Andreas Antonopoulos, the chief security officer with Blockchain, tells us the company plans on resubmitting its app to the App Store within days.

“We are cautiously optimistic,” says Antonopoulos.

CoinBase says it will re-submit too. Ben Davenport, a chief product officer with another bitcoin startup called BitGo, says his company will submit a brand new mobile app, though he can’t say when this will happen. And the makers of Gliph–an iOS secure texting app that allows bitcoin payments–say they will try and restore the tools they were forced to remove because of Apple’s prohibitions.

But some bitcoin developers have no intention of dealing with the App Store. The makers of the Hive wallet say that after Apple instituted its bitcoin ban, they moved to a web-based HTML5 wallet that could be used with the iPhone Safari browser, in lieu of a downloadable app.

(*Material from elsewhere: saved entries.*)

(* Let $E$ be a (real, Hausdorff) locally convex space and let $B\subseteq E$ be a bounded subset. Then $B$ is tame in $E$ if and only if $B$ contains no bounded $l^1$-sequence. Consequently, a locally convex space $E$ is tame if and only if $E$ contains no bounded $l^1$-sequence.
   Context: For a locally convex space $E$, $E^*$ denotes its topological dual and ${\rm eqc}(E^* )$ the family of all equicontinuous, weak-star compact subsets of $E^*$. A sequence of real functions $(f_n)_{n\in\mathbb N}$ on a set $X$ is independent if there are reals $a<b$ such that $\bigcap_{n\in P} f_n^{-1}(-\infty,a)\cap\bigcap_{n\in M} f_n^{-1}(b,\infty)\neq\emptyset$ for all finite disjoint $P,M\subseteq\mathbb N$. A bounded family of real functions on $X$ is tame if it contains no independent sequence. A bounded subset $B\subseteq E$ is tame (in $E$) if for every $K\in{\rm eqc}(E^* )$ the family of functions $\{K\to\mathbb R,\ \varphi\mapsto\varphi(b)\}_{b\in B}$ is a tame family on $K$. $E$ is tame if every bounded subset of $E$ is tame. A bounded sequence $(x_n)$ in $E$ is an $l^1$-sequence (equivalent to the $l^1$-basis) if there exist a continuous seminorm $\rho$ on $E$ and $\delta>0$ such that $\delta\sum_{i=1}^n|c_i|\le\rho(\sum_{i=1}^n c_ix_i)$ for all $n$ and all reals $c_1,\dots,c_n$. *)

From HB Require Import structures.
From mathcomp Require Import all_boot all_order all_algebra.
From mathcomp Require Import all_classical all_reals all_analysis.
Set Implicit Arguments. Unset Strict Implicit. Unset Printing Implicit Defensive.
Import Order.TTheory GRing.Theory Num.Theory.
Import numFieldNormedType.Exports.
Local Open Scope classical_set_scope.
Local Open Scope ring_scope.

Section Tame.
Context {R : realType} {E : tvsType R}.

Definition tvs_bounded (B : set E) : Prop :=
  forall U : set E, nbhs (0 : E) U ->
    exists2 s : R, 0 < s & forall t : R, s < t -> B `<=` [set t *: u | u in U].

Definition dual_space : set (E -> R) :=
  [set phi | (forall (a : R) (x y : E), phi (a *: x + y) = a * phi x + phi y)
             /\ continuous phi].

(** The weak-star topology on E^star is the topology of pointwise convergence,
    i.e. the subspace topology of the product topology {ptws E -> R}. *)
Definition eqc (K : set (E -> R)) : Prop :=
  K `<=` dual_space /\
  equicontinuous K (fun phi : E -> R => phi) /\
  compact (K : set {ptws E -> R}).

Definition independent_seq {T : Type} (X : set T) (f : nat -> T -> R) : Prop :=
  exists a b : R, a < b /\
    forall P M : seq nat, (forall n, n \in P -> n \notin M) ->
      exists2 x, X x &
        (forall n, n \in P -> f n x < a) /\ (forall n, n \in M -> b < f n x).

Definition tame_family {T : Type} (X : set T) (F : set (T -> R)) : Prop :=
  (exists M : R, forall f, F f -> forall x, X x -> `|f x| <= M) /\
  ~ (exists f : nat -> T -> R, (forall n, F (f n)) /\ independent_seq X f).

Definition tame_set (B : set E) : Prop :=
  tvs_bounded B /\
  forall K : set (E -> R), eqc K ->
    tame_family K [set (fun phi : E -> R => phi b) | b in B].

Definition tame_space : Prop := forall B : set E, tvs_bounded B -> tame_set B.

Definition continuous_seminorm (rho : E -> R) : Prop :=
  (forall x y : E, rho (x + y) <= rho x + rho y) /\
  (forall (t : R) (x : E), rho (t *: x) = `|t| * rho x) /\
  continuous rho.

(** Bounded l^1-sequence (equivalent to the l^1-basis). *)
Definition l1_sequence (x : nat -> E) : Prop :=
  tvs_bounded (range x) /\
  exists rho : E -> R, continuous_seminorm rho /\
    exists2 delta : R, 0 < delta &
      forall (n : nat) (c : nat -> R),
        delta * (\sum_(i < n) `|c i|) <= rho (\sum_(i < n) c i *: x i).

End Tame.

From HB Require Import structures.
From mathcomp Require Import all_boot all_order all_algebra.
From mathcomp Require Import all_classical all_reals all_analysis.
From mathcomp Require Import ring lra.
Set Implicit Arguments. Unset Strict Implicit. Unset Printing Implicit Defensive.
Import Order.TTheory GRing.Theory Num.Theory.
Import numFieldNormedType.Exports.
Local Open Scope classical_set_scope.
Local Open Scope ring_scope.

(* If x is an l^1-sequence for a continuous seminorm rho with constant delta,
   then by Hahn-Banach every sign pattern on the x n is realised by a functional
   in the polar of rho / delta, an equicontinuous weak-star compact set, so the
   evaluations at the x n form an independent sequence on it.  Conversely, if the
   evaluations at the x n are independent on some K in eqc(E^star) with gap (a, b),
   then for any coefficients c two functionals of K realising the sign pattern of
   c and its opposite differ by at least (b - a) * sum |c_i| on sum c_i x_i, so
   x is an l^1-sequence for the seminorm v |-> sup_(phi in K) |phi v|. *)

Section LinearFunctional.
Context {R : realType} {E : lmodType R}.

Definition linear_functional (phi : E -> R) : Prop :=
  forall (a : R) (x y : E), phi (a *: x + y) = a * phi x + phi y.

Variable phi : E -> R.
Hypothesis phi_lin : linear_functional phi.

Lemma linear_functional0 : phi 0 = 0.
Proof. by have := phi_lin 1 0 0; rewrite scale1r addr0 mul1r => h; lra. Qed.

Lemma linear_functionalD x y : phi (x + y) = phi x + phi y.
Proof. by rewrite -[x]scale1r phi_lin scale1r mul1r. Qed.

Lemma linear_functionalZ a x : phi (a *: x) = a * phi x.
Proof. by rewrite -[a *: x]addr0 phi_lin linear_functional0 addr0. Qed.

Lemma linear_functionalB x y : phi (x - y) = phi x - phi y.
Proof. by rewrite -scaleN1r addrC phi_lin; ring. Qed.

Lemma linear_functional_sum n (c : nat -> R) (x : nat -> E) :
  phi (\sum_(i < n) c i *: x i) = \sum_(i < n) c i * phi (x i).
Proof.
elim: n => [|n IHn]; first by rewrite !big_ord0 linear_functional0.
by rewrite !big_ord_recr /= addrC phi_lin IHn addrC.
Qed.

End LinearFunctional.

Lemma closure_preimage_closed (T U : topologicalType) (A : set T) (f : T -> U)
    (C : set U) :
  continuous f -> closed C -> A `<=` f @^-1` C -> closure A `<=` f @^-1` C.
Proof.
move=> f_cont C_closed AC.
rewrite [X in _ `<=` X](closure_id _).1; first exact: closureS.
exact: preimage_closed.
Qed.

Section Seminorm.
Context {R : realType} {E : tvsType R}.
Variable rho : E -> R.
Hypothesis rho_sn : continuous_seminorm rho.
Lemma obj_profile_le l1 mu : a <= l1 -> l1 <= l0 -> l1 <= mu ->
  obj_profile mu <= a^-1 * (l0 / l1).
Proof.
move=> a_le_l1 l1_le_l0 l1_le_mu.
have l1_gt0 := lt_le_trans a_gt0 a_le_l1; have mu_gt0 := lt_le_trans l1_gt0 l1_le_mu.
rewrite /obj_profile -mulrA ler_wpM2l ?invr_ge0 ?(ltW a_gt0) // -[_ / l1]mul1r.
apply: ler_pM; rewrite ?exprn_ge0 ?divr_ge0 ?subr_ge0 ?(le_trans a_le_l1) ?(ltW mu_gt0) //.
- by rewrite le_max (ltW mu_gt0).
- rewrite exprn_ile1 ?divr_ge0 ?subr_ge0 ?(le_trans a_le_l1) ?(ltW mu_gt0) //.
  by rewrite ler_pdivrMr // mul1r gerBl ltW.
have [mu_le_l0|l0_lt_mu] := leP mu l0.
  by rewrite ler_wpM2l ?(le_trans (ltW l1_gt0)) // lef_pV2.
by rewrite divff ?gt_eqF // ler_pdivlMr // mul1r.
Qed.

Lemma obj_profile_ge_l0 mu : a <= l0 -> l0 <= mu -> obj_profile l0 <= obj_profile mu.
Proof.
move=> a_le_l0 l0_le_mu; have l0_gt0 := lt_le_trans a_gt0 a_le_l0.
have mu_gt0 := lt_le_trans l0_gt0 l0_le_mu.
rewrite /obj_profile !max_l // !divff ?gt_eqF // !mulr1 ler_wpM2l ?invr_ge0 ?(ltW a_gt0) //.
rewrite lerXn2r ?nnegrE ?divr_ge0 ?subr_ge0 ?(ltW l0_gt0) ?(ltW mu_gt0) ?(le_trans a_le_l0) //.
by rewrite !mulrBl !divff ?gt_eqF // lerD2l lerN2 ler_wpM2l ?(ltW a_gt0) // lef_pV2.
Qed.

Lemma obj_profile_core_continuous x : x != 0 ->
  {for x, continuous (fun mu : R => a^-1 * ((mu - a) / mu) ^+ c.+1 * (l0 / mu))}.
Proof.
move=> x_neq0.
have id_cont : {for x, continuous (fun y : R => y)} by exact: cvg_id.
have inv_cont : {for x, continuous (fun y : R => y^-1)} by exact: continuousV.
have cst_cont (k : R) : {for x, continuous (fun=> k)} by exact: cst_continuous.
have ratio_cont : {for x, continuous (fun y : R => (y - a) / y)}.
  exact: (continuousM (s := fun y => y - a) (continuousB id_cont (cst_cont _)) inv_cont).
have pow_cont := continuous_comp ratio_cont (@exprn_continuous R c.+1 ((x - a) / x)).
exact: (continuousM (continuousM (s := fun=> a^-1) (cst_cont _) pow_cont)
                    (continuousM (s := fun=> l0) (cst_cont _) inv_cont)).
Qed.

Lemma obj_profile_min l1 : a <= l1 -> l1 <= l0 ->
  exists2 mu0, l1 <= mu0 <= l0 &
    forall mu, l1 <= mu -> obj_profile mu0 <= obj_profile mu.
Proof.
move=> a_le_l1 l1_le_l0.
have [|mu0] := EVT_min (f := fun mu => a^-1 * ((mu - a) / mu) ^+ c.+1 * (l0 / mu)) l1_le_l0.
  apply: continuous_in_subspaceT => x; rewrite inE /= in_itv /= => /andP [l1_le_x _].
  by apply: obj_profile_core_continuous; rewrite gt_eqF // (lt_le_trans a_gt0) ?(le_trans a_le_l1).
rewrite in_itv /= => /andP [l1_le_mu0 mu0_le_l0] mu0_min.
have profileE mu : mu <= l0 -> obj_profile mu = a^-1 * ((mu - a) / mu) ^+ c.+1 * (l0 / mu).
  by move=> mu_le_l0; rewrite /obj_profile max_r.
exists mu0 => [|mu l1_le_mu]; first by rewrite l1_le_mu0.
have [mu_le_l0|/ltW l0_le_mu] := leP mu l0.
  by rewrite !profileE // mu0_min // in_itv /= l1_le_mu.
apply: le_trans (obj_profile_ge_l0 (le_trans a_le_l1 l1_le_l0) l0_le_mu).
by rewrite !profileE // mu0_min // in_itv /= l1_le_l0 lexx.
Qed.

End ObjectiveProfile.

Section FarEigenvalue.
Variables (R : realType) (c : nat).

(* The eigenvalue of F_ar(R) on the eigenspace of H^T H for the eigenvalue l. *)
Definition far_eigenvalue (mu l : R) : R := l^-1 * (Num.max (mu - l) 0 / Num.max mu l) ^+ c.+1.

Lemma far_eigenvalue_ge0 mu l : 0 < l -> 0 <= far_eigenvalue mu l.
Proof.
move=> l_gt0; have max_ge0 : 0 <= Num.max mu l by rewrite le_max (ltW l_gt0) orbT.
by rewrite mulr_ge0 ?invr_ge0 ?(ltW l_gt0) // exprn_ge0 // divr_ge0 // le_max lexx orbT.
Qed.

Lemma far_eigenvalue_antitone mu a l : 0 < a -> a <= l -> far_eigenvalue mu l <= far_eigenvalue mu a.
Proof.
move=> a_gt0 a_le_l; have l_gt0 := lt_le_trans a_gt0 a_le_l.
have [l_le_mu|mu_lt_l] := leP l mu; last first.
  rewrite /far_eigenvalue [Num.max (mu - l) 0]max_r ?subr_le0 ?(ltW mu_lt_l) //.
  by rewrite mul0r expr0n mulr0 far_eigenvalue_ge0.
have a_le_mu := le_trans a_le_l l_le_mu; have mu_gt0 := lt_le_trans l_gt0 l_le_mu.
rewrite /far_eigenvalue !max_l ?subr_ge0 //; apply: ler_pM.
- by rewrite invr_ge0 ltW.
- by rewrite exprn_ge0 // divr_ge0 ?subr_ge0 ?(ltW mu_gt0).
- by rewrite lef_pV2.
rewrite lerXn2r ?nnegrE ?divr_ge0 ?subr_ge0 ?(ltW mu_gt0) //.
by rewrite ler_wpM2r ?invr_ge0 ?(ltW mu_gt0) // lerB.
Qed.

“[W]e generally want to stop supporting proprietary, centrally managed platforms,” says Wendell Davis, Hive Wallet’s CEO. “Apple has the greatest user interface designers in the world, no doubt, but we no longer see this as the right way to engage in the business of computing.”

Andreas Schildbach, the developer of Android Bitcoin Wallet app, feels much the same way. “Apple’s indiscriminate policy has always kept me from developing for them,” he says.

Dmitry Murashchik, a community manager with the Mycelium wallet project says he’s not sure if Mycelium will submit an IOS app.

“Since that would be a time-consuming project, and we already have another project underway, we may wait until we are sure that Bitcoin apps are really allowed,” he says.

Unless Apple changes its policies in big ways, it won’t win back the entire bitcoin community.

“Apple pissed off a good many developers,” says Adam Levine, a bitcoin enthusiast and the host of the Let’s Talk Bitcoin internet audio show. “More importantly, they demonstrated that their ecosystem is arbitrary. They do what they want, when they want, with no public input.”

But it looks like most of the popular app-makers are going to come around. Apple’s platform is simply too important for bitcoin companies to ignore.

“People might think that they’ve been heavy-handed in this case,” Davenport says. “But now that the tide has turned…the people who need to run a business and reach users are going to get over it.”